▶ [WHAT THE TASK ASKS]
Please copy exactly the lines that run from the start of the entries to the line containing "is bounded, f", inclusive.

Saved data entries
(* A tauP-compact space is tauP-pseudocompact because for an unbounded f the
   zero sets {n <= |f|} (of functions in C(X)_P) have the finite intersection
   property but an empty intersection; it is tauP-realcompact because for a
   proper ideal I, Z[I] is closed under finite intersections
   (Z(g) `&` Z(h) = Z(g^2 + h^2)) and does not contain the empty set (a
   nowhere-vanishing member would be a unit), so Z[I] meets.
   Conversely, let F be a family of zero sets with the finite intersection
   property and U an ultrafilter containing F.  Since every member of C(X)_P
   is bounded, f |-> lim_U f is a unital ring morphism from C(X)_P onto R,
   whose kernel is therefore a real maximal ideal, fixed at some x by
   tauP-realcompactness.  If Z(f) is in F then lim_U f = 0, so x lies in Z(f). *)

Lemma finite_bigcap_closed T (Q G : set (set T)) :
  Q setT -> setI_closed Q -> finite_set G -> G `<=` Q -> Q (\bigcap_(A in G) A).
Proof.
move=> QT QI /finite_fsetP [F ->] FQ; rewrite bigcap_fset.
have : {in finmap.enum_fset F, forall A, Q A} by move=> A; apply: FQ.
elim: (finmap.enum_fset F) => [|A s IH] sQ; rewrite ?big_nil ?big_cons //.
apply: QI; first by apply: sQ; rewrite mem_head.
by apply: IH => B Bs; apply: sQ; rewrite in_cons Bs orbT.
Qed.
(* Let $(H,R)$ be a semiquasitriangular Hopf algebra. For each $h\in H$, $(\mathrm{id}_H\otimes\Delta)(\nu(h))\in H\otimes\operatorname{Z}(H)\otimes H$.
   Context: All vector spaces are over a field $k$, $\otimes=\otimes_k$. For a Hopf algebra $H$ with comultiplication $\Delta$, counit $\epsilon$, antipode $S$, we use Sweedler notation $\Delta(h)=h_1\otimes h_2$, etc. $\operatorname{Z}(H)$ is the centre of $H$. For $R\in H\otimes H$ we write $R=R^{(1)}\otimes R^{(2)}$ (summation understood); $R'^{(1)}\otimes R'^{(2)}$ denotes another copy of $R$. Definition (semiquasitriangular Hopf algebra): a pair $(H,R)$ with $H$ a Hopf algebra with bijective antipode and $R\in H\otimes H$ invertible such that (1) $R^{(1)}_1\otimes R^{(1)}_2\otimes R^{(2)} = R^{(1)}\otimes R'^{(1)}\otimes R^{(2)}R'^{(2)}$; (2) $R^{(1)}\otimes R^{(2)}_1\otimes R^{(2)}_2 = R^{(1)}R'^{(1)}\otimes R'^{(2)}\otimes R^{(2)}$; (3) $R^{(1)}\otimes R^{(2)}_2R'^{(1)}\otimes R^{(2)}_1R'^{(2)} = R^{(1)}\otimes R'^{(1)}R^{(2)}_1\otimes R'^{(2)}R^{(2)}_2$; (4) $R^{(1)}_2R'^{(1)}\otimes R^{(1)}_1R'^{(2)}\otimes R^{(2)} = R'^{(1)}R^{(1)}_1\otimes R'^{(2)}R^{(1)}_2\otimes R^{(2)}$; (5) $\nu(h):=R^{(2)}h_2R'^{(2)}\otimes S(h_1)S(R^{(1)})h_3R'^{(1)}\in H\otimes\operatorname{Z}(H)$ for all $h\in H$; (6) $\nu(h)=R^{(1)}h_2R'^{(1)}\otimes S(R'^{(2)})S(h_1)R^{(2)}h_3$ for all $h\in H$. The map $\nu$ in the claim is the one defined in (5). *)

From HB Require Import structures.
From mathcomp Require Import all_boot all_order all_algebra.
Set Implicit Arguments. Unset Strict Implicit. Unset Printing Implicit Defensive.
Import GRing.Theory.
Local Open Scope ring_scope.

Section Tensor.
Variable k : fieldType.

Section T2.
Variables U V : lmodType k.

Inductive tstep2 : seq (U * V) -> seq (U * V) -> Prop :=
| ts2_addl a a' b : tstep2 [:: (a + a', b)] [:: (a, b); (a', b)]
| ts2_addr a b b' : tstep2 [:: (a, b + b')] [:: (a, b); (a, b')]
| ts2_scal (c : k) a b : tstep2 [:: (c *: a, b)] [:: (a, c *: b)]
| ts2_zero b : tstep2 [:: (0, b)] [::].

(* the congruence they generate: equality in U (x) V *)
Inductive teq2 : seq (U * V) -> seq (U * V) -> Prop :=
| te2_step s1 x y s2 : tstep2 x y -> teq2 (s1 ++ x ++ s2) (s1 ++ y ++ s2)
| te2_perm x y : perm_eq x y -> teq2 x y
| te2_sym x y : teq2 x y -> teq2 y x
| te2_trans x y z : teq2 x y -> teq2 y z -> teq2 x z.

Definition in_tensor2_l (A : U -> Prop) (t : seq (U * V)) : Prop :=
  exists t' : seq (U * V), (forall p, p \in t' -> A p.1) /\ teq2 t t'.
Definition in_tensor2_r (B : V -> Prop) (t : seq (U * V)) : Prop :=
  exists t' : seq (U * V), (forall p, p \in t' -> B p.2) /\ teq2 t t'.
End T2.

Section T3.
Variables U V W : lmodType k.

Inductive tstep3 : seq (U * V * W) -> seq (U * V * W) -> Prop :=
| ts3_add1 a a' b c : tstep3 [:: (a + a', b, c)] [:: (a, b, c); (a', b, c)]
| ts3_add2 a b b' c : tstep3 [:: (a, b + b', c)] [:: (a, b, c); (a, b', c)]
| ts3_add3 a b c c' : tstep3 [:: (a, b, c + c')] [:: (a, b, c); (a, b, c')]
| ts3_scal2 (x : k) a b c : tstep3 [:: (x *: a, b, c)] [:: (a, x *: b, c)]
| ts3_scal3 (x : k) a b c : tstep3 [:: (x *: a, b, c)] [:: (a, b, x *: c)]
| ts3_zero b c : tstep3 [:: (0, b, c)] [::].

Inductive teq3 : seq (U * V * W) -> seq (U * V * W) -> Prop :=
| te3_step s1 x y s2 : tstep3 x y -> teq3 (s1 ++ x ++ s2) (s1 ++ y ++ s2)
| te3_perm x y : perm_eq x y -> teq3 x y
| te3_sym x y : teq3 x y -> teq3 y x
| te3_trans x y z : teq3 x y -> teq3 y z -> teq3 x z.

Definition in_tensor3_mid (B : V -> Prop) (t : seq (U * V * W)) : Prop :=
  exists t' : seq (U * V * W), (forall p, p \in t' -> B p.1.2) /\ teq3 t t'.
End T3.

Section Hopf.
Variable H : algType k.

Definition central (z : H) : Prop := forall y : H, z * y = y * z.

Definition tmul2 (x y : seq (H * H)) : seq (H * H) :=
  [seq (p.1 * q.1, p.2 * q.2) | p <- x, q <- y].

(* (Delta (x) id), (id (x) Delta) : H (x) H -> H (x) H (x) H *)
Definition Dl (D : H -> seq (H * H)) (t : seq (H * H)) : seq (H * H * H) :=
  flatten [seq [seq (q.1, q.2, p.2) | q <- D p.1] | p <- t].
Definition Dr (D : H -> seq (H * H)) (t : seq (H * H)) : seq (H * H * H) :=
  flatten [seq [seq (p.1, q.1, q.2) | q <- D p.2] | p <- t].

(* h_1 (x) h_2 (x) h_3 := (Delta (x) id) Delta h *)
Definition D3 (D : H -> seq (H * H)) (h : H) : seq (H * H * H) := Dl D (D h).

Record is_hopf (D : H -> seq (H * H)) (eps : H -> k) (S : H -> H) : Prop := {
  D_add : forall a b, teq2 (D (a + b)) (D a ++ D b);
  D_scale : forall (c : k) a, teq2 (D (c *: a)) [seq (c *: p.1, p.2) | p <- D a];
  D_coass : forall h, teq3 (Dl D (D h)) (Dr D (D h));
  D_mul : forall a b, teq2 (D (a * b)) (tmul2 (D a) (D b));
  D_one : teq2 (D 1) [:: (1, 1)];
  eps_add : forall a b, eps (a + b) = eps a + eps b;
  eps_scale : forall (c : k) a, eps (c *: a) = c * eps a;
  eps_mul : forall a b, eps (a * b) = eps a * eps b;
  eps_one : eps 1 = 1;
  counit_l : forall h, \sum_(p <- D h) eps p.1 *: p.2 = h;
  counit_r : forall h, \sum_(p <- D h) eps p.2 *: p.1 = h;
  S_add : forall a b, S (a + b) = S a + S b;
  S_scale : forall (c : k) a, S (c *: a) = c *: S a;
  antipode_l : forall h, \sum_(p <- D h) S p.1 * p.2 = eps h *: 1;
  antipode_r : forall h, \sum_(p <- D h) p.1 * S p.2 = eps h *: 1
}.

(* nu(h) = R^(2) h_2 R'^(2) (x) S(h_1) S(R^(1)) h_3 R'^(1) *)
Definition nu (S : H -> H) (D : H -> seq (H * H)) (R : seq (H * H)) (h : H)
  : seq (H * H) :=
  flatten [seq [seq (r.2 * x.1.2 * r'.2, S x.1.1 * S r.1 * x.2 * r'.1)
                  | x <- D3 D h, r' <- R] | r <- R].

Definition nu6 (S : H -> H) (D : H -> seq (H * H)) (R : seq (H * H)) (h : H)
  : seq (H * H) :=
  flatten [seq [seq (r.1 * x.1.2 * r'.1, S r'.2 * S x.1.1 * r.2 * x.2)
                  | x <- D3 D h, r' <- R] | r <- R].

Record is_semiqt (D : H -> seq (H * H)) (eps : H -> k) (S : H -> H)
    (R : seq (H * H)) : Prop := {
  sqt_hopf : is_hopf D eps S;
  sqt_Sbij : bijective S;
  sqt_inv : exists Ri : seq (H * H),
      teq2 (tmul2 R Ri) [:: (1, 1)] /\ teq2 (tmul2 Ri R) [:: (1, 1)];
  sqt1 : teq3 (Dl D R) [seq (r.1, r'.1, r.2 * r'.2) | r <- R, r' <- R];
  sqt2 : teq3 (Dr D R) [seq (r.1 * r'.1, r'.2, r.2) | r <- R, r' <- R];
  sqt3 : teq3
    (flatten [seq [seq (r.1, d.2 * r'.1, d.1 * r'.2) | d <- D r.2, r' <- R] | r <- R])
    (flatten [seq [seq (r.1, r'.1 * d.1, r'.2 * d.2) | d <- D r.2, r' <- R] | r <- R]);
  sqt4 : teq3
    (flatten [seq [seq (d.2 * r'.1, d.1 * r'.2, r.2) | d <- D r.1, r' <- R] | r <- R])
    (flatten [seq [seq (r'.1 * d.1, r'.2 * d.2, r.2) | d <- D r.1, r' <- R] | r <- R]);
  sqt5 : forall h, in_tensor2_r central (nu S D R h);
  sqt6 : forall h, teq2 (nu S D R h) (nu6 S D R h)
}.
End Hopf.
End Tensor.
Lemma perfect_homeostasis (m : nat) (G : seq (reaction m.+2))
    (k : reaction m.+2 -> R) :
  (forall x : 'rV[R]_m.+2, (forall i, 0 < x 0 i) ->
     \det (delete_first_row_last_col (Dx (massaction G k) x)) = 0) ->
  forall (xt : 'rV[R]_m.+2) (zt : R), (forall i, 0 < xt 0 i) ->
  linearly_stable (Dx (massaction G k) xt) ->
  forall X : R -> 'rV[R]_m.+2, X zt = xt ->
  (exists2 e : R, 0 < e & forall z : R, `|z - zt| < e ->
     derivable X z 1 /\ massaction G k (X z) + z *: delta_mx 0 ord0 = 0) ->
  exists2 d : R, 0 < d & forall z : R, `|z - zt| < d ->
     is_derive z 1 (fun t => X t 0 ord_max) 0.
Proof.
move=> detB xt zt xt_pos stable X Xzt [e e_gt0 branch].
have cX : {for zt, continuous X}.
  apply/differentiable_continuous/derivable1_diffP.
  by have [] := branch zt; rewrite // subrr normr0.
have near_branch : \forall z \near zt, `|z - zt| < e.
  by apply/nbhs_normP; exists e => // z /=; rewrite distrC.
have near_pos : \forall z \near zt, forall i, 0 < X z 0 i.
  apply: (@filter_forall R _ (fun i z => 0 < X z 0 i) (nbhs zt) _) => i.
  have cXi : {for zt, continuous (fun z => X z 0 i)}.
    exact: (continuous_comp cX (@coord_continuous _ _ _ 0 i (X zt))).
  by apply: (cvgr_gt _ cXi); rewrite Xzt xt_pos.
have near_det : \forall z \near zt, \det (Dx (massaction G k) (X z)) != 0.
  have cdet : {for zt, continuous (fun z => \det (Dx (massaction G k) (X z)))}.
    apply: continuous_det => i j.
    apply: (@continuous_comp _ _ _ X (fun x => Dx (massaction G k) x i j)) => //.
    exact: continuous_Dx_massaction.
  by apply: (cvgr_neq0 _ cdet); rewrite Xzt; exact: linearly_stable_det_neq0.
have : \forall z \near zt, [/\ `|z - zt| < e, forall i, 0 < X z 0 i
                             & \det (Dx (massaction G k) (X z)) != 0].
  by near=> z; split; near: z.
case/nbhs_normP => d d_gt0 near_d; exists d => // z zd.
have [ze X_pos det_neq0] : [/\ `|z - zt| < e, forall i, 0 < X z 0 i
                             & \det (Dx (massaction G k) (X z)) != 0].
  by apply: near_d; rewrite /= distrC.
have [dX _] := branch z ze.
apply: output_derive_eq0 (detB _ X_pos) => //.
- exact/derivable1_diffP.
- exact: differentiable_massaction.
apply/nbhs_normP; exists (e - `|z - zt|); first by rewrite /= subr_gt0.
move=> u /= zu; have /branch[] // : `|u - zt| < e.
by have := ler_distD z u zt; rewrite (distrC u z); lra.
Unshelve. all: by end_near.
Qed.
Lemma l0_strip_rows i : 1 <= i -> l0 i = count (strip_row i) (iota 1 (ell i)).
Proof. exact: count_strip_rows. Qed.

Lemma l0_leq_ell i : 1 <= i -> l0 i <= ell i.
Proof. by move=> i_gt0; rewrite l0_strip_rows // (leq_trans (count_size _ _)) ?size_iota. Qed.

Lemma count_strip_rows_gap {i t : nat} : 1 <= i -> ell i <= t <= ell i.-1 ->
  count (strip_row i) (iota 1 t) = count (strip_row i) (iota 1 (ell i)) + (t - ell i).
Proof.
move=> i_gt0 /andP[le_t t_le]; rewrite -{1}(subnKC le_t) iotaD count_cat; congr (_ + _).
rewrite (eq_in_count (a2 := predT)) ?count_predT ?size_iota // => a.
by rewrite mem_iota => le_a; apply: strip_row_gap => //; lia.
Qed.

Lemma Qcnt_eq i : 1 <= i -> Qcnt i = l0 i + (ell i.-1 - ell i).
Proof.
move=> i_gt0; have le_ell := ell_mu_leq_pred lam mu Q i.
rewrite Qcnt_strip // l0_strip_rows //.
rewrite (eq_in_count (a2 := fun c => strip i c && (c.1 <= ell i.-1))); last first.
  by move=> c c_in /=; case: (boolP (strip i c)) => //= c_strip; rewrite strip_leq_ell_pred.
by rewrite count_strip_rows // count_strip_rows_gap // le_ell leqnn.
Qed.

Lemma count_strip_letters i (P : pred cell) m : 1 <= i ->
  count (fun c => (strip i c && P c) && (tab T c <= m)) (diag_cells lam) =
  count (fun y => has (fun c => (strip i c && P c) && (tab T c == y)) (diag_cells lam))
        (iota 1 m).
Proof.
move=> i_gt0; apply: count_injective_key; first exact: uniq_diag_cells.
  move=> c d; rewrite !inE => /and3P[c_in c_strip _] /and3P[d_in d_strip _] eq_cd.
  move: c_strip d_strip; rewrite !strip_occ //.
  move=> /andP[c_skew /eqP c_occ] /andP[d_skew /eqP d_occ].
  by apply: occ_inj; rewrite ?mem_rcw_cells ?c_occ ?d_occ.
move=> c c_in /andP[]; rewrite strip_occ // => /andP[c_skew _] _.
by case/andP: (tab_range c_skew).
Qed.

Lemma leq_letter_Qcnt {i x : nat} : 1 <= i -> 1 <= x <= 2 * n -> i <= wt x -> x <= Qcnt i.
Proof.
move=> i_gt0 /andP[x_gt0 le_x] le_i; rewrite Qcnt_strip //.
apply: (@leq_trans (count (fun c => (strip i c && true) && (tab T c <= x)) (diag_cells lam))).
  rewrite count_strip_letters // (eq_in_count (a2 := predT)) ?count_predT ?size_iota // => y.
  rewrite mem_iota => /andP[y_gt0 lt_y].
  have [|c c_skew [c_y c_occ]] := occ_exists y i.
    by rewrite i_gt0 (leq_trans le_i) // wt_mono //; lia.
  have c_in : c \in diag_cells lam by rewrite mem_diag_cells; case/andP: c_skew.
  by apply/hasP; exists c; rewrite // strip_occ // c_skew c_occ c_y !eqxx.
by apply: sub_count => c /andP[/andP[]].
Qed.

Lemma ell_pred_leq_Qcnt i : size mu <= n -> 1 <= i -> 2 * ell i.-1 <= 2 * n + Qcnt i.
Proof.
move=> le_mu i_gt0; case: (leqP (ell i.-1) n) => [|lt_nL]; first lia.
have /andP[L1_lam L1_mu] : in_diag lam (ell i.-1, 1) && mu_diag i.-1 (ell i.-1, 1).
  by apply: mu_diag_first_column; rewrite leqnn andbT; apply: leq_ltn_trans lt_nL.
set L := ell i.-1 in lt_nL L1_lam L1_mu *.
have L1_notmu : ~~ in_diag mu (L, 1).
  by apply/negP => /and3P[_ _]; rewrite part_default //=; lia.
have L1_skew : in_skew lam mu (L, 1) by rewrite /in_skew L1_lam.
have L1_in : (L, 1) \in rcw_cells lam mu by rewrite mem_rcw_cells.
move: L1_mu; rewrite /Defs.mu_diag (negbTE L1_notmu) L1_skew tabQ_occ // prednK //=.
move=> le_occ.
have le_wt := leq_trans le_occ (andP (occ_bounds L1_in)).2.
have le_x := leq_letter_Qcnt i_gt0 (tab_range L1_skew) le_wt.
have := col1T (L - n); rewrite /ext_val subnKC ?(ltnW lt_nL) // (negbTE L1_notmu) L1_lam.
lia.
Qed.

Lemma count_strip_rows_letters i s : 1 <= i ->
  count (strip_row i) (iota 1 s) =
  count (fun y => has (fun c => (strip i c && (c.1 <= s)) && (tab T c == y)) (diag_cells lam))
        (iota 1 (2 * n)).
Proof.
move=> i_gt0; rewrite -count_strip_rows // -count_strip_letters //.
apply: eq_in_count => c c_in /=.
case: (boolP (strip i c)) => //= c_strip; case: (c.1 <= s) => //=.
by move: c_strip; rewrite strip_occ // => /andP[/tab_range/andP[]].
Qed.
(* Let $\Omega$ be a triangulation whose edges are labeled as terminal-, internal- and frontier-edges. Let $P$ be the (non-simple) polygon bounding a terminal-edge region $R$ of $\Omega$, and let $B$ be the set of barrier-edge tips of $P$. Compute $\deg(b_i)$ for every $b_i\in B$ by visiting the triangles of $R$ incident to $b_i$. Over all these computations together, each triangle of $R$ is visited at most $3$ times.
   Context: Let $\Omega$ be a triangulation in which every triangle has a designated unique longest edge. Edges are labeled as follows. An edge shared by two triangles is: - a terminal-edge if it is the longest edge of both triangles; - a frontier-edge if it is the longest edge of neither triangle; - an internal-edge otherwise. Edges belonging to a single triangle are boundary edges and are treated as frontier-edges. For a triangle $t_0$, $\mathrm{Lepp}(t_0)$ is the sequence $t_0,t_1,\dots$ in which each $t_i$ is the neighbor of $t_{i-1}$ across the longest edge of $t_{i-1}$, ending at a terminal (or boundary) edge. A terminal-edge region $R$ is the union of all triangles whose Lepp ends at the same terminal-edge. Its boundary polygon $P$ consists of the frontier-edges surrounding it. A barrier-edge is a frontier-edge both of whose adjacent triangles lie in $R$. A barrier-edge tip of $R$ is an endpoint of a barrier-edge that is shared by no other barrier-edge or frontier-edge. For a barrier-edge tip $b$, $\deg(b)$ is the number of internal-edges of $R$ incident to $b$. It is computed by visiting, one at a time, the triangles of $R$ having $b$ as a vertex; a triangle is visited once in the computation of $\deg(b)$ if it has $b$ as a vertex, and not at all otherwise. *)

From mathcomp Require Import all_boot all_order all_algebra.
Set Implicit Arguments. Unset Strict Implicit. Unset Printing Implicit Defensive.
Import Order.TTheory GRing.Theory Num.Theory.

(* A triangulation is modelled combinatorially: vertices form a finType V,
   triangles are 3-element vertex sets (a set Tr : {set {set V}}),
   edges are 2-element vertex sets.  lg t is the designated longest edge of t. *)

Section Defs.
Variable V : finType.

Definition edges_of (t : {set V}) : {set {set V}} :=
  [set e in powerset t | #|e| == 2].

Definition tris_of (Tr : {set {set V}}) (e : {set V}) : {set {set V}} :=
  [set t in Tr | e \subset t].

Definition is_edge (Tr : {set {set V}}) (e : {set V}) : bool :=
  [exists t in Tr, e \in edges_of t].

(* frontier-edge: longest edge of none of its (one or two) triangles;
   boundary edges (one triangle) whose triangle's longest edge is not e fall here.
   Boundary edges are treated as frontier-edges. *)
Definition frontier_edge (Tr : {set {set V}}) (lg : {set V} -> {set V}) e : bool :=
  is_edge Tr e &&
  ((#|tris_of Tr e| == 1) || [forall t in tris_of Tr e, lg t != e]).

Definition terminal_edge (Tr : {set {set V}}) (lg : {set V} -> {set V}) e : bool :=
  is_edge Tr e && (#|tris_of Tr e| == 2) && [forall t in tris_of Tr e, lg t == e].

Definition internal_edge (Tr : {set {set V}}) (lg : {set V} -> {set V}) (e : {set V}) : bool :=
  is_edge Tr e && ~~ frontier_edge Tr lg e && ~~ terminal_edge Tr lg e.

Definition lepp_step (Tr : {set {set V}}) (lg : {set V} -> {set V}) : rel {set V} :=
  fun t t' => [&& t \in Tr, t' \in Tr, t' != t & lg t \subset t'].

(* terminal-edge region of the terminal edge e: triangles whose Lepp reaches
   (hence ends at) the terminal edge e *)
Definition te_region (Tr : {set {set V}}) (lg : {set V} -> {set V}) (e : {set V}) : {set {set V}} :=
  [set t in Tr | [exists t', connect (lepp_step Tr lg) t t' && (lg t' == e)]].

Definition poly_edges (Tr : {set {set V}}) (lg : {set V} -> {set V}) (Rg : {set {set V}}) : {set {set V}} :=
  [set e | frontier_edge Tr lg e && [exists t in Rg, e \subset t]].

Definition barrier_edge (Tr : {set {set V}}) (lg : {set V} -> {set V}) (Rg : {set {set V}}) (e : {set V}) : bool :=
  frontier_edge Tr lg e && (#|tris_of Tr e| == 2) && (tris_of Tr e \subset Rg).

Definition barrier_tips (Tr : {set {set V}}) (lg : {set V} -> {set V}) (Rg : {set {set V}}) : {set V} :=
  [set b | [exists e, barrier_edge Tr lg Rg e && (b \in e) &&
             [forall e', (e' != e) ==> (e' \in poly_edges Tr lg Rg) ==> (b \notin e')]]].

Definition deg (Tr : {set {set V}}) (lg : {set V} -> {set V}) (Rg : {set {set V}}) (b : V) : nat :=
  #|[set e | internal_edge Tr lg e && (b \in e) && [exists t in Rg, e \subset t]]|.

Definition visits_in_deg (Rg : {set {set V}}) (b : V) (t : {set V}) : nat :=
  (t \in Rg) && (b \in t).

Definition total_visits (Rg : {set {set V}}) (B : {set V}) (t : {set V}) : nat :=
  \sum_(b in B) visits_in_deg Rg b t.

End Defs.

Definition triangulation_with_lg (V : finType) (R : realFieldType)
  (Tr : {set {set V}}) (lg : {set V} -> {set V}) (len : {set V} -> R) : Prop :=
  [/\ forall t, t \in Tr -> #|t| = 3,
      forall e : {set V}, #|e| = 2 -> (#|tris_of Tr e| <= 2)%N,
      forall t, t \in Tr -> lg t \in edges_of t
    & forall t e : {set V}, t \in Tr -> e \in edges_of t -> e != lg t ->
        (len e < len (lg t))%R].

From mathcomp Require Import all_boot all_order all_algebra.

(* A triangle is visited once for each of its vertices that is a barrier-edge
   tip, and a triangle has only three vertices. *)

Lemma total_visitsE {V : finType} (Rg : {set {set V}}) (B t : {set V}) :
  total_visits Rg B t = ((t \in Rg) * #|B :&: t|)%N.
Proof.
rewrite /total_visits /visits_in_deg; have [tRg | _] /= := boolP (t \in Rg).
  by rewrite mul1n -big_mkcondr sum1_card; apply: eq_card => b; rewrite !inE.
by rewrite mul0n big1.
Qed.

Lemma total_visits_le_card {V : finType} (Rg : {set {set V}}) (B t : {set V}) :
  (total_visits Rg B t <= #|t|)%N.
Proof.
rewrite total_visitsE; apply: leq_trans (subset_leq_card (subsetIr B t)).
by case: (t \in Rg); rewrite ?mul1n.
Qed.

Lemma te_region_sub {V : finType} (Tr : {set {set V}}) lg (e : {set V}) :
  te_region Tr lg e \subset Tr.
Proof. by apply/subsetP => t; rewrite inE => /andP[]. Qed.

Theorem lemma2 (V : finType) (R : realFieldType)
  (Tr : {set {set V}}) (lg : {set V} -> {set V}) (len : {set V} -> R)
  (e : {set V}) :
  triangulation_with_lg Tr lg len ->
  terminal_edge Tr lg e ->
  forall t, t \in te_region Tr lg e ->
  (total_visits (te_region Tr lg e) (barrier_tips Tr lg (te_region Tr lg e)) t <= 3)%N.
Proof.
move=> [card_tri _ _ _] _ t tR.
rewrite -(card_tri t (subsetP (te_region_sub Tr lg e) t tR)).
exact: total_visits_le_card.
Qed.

▶ [RESULT FOR THIS EXERCISE]
(* A tauP-compact space is tauP-pseudocompact because for an unbounded f the
   zero sets {n <= |f|} (of functions in C(X)_P) have the finite intersection
   property but an empty intersection; it is tauP-realcompact because for a
   proper ideal I, Z[I] is closed under finite intersections
   (Z(g) `&` Z(h) = Z(g^2 + h^2)) and does not contain the empty set (a
   nowhere-vanishing member would be a unit), so Z[I] meets.
   Conversely, let F be a family of zero sets with the finite intersection
   property and U an ultrafilter containing F.  Since every member of C(X)_P
   is bounded, f |-> lim_U f is a unital ring morphism from C(X)_P onto R,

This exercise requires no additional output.